### Problem details
Give every line of the data again, exactly.

+ + + +

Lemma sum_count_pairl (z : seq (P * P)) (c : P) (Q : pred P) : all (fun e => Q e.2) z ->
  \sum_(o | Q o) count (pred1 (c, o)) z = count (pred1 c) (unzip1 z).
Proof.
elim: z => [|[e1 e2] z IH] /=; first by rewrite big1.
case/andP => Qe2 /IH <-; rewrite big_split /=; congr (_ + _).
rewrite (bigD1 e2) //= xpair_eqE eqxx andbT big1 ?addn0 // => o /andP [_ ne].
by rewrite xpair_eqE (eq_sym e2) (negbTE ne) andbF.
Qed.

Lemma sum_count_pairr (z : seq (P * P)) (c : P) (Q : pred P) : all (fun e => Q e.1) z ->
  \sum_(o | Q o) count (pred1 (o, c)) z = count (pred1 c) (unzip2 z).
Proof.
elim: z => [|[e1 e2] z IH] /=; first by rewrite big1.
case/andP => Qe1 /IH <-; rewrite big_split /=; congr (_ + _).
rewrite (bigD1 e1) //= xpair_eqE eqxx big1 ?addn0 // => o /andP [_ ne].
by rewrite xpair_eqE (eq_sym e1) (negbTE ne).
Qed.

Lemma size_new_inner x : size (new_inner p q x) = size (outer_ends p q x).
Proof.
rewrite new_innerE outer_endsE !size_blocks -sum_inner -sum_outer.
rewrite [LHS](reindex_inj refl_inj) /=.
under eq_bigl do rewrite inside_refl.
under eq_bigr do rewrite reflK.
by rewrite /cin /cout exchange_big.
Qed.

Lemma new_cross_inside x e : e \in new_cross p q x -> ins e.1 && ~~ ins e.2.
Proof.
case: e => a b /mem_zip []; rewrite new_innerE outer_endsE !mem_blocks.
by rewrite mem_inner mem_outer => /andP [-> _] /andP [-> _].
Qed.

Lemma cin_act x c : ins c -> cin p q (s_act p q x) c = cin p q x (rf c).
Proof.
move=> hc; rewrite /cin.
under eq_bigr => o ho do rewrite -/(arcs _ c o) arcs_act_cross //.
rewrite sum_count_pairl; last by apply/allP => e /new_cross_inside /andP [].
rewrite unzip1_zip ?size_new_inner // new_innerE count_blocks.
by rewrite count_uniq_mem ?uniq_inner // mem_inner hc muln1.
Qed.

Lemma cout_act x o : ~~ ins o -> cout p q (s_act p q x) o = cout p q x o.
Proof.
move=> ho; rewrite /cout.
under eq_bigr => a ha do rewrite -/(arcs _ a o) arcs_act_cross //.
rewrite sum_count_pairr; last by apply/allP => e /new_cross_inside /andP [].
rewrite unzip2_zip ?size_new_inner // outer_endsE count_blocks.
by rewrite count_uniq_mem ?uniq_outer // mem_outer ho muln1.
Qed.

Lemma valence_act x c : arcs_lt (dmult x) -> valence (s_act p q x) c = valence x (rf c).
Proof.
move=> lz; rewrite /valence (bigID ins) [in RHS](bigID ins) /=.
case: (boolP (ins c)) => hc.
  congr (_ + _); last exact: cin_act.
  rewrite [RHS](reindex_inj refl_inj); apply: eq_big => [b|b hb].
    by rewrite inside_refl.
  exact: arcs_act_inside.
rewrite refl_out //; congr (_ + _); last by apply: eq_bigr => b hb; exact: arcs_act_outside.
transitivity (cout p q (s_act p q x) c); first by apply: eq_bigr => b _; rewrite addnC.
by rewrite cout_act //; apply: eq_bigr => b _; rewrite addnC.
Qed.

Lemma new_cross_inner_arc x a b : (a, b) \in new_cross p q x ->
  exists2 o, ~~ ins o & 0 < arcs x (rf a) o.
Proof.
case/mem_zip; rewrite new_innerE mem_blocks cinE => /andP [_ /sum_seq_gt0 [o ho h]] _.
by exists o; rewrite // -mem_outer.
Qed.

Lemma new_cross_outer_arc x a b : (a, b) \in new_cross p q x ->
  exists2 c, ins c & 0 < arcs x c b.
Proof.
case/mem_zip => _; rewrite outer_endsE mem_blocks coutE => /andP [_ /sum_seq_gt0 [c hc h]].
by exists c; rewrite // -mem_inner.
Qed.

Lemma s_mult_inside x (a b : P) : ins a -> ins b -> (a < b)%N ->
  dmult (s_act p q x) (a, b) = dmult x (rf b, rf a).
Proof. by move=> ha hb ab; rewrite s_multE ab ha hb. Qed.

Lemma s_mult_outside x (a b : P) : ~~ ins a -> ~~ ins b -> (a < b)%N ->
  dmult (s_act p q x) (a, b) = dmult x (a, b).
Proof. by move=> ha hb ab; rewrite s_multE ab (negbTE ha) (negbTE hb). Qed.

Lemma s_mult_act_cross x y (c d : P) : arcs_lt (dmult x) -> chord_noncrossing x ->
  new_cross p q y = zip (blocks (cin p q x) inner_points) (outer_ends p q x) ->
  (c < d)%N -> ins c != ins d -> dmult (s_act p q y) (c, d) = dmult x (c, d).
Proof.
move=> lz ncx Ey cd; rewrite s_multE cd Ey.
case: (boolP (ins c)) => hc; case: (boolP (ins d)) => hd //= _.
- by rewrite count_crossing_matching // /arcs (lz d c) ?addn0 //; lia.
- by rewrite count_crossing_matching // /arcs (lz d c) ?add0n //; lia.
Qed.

+ + + +

### Solution to the exercise
Lemma sum_count_pairl (z : seq (P * P)) (c : P) (Q : pred P) : all (fun e => Q e.2) z ->
  \sum_(o | Q o) count (pred1 (c, o)) z = count (pred1 c) (unzip1 z).
Proof.
elim: z => [|[e1 e2] z IH] /=; first by rewrite big1.
case/andP => Qe2 /IH <-; rewrite big_split /=; congr (_ + _).
rewrite (bigD1 e2) //= xpair_eqE eqxx andbT big1 ?addn0 // => o /andP [_ ne].
by rewrite xpair_eqE (eq_sym e2) (negbTE ne) andbF.
Qed.

Lemma sum_count_pairr (z : seq (P * P)) (c : P) (Q : pred P) : all (fun e => Q e.1) z ->
  \sum_(o | Q o) count (pred1 (o, c)) z = count (pred1 c) (unzip2 z).
Proof.
elim: z => [|[e1 e2] z IH] /=; first by rewrite big1.
case/andP => Qe1 /IH <-; rewrite big_split /=; congr (_ + _).
rewrite (bigD1 e1) //= xpair_eqE eqxx big1 ?addn0 // => o /andP [_ ne].
by rewrite xpair_eqE (eq_sym e1) (negbTE ne).
Qed.

Lemma size_new_inner x : size (new_inner p q x) = size (outer_ends p q x).
Proof.
rewrite new_innerE outer_endsE !size_blocks -sum_inner -sum_outer.
rewrite [LHS](reindex_inj refl_inj) /=.
under eq_bigl do rewrite inside_refl.
under eq_bigr do rewrite reflK.
by rewrite /cin /cout exchange_big.
Qed.

Lemma new_cross_inside x e : e \in new_cross p q x -> ins e.1 && ~~ ins e.2.
Proof.
case: e => a b /mem_zip []; rewrite new_innerE outer_endsE !mem_blocks.
by rewrite mem_inner mem_outer => /andP [-> _] /andP [-> _].
Qed.

Lemma cin_act x c : ins c -> cin p q (s_act p q x) c = cin p q x (rf c).
Proof.
move=> hc; rewrite /cin.
under eq_bigr => o ho do rewrite -/(arcs _ c o) arcs_act_cross //.
rewrite sum_count_pairl; last by apply/allP => e /new_cross_inside /andP [].
rewrite unzip1_zip ?size_new_inner // new_innerE count_blocks.
by rewrite count_uniq_mem ?uniq_inner // mem_inner hc muln1.
Qed.

Lemma cout_act x o : ~~ ins o -> cout p q (s_act p q x) o = cout p q x o.
Proof.
move=> ho; rewrite /cout.
under eq_bigr => a ha do rewrite -/(arcs _ a o) arcs_act_cross //.
rewrite sum_count_pairr; last by apply/allP => e /new_cross_inside /andP [].
rewrite unzip2_zip ?size_new_inner // outer_endsE count_blocks.
by rewrite count_uniq_mem ?uniq_outer // mem_outer ho muln1.
Qed.

Lemma valence_act x c : arcs_lt (dmult x) -> valence (s_act p q x) c = valence x (rf c).
Proof.
move=> lz; rewrite /valence (bigID ins) [in RHS](bigID ins) /=.
case: (boolP (ins c)) => hc.
  congr (_ + _); last exact: cin_act.
  rewrite [RHS](reindex_inj refl_inj); apply: eq_big => [b|b hb].
    by rewrite inside_refl.
  exact: arcs_act_inside.
rewrite refl_out //; congr (_ + _); last by apply: eq_bigr => b hb; exact: arcs_act_outside.
transitivity (cout p q (s_act p q x) c); first by apply: eq_bigr => b _; rewrite addnC.
by rewrite cout_act //; apply: eq_bigr => b _; rewrite addnC.
Qed.

Lemma new_cross_inner_arc x a b : (a, b) \in new_cross p q x ->
  exists2 o, ~~ ins o & 0 < arcs x (rf a) o.
Proof.
case/mem_zip; rewrite new_innerE mem_blocks cinE => /andP [_ /sum_seq_gt0 [o ho h]] _.
by exists o; rewrite // -mem_outer.
Qed.

Lemma new_cross_outer_arc x a b : (a, b) \in new_cross p q x ->
  exists2 c, ins c & 0 < arcs x c b.
Proof.
case/mem_zip => _; rewrite outer_endsE mem_blocks coutE => /andP [_ /sum_seq_gt0 [c hc h]].
by exists c; rewrite // -mem_inner.
Qed.

Lemma s_mult_inside x (a b : P) : ins a -> ins b -> (a < b)%N ->
  dmult (s_act p q x) (a, b) = dmult x (rf b, rf a).
Proof. by move=> ha hb ab; rewrite s_multE ab ha hb. Qed.

Lemma s_mult_outside x (a b : P) : ~~ ins a -> ~~ ins b -> (a < b)%N ->
  dmult (s_act p q x) (a, b) = dmult x (a, b).
Proof. by move=> ha hb ab; rewrite s_multE ab (negbTE ha) (negbTE hb). Qed.

Lemma s_mult_act_cross x y (c d : P) : arcs_lt (dmult x) -> chord_noncrossing x ->
  new_cross p q y = zip (blocks (cin p q x) inner_points) (outer_ends p q x) ->
  (c < d)%N -> ins c != ins d -> dmult (s_act p q y) (c, d) = dmult x (c, d).
Proof.
move=> lz ncx Ey cd; rewrite s_multE cd Ey.
case: (boolP (ins c)) => hc; case: (boolP (ins d)) => hd //= _.
- by rewrite count_crossing_matching // /arcs (lz d c) ?addn0 //; lia.
- by rewrite count_crossing_matching // /arcs (lz d c) ?add0n //; lia.
Qed.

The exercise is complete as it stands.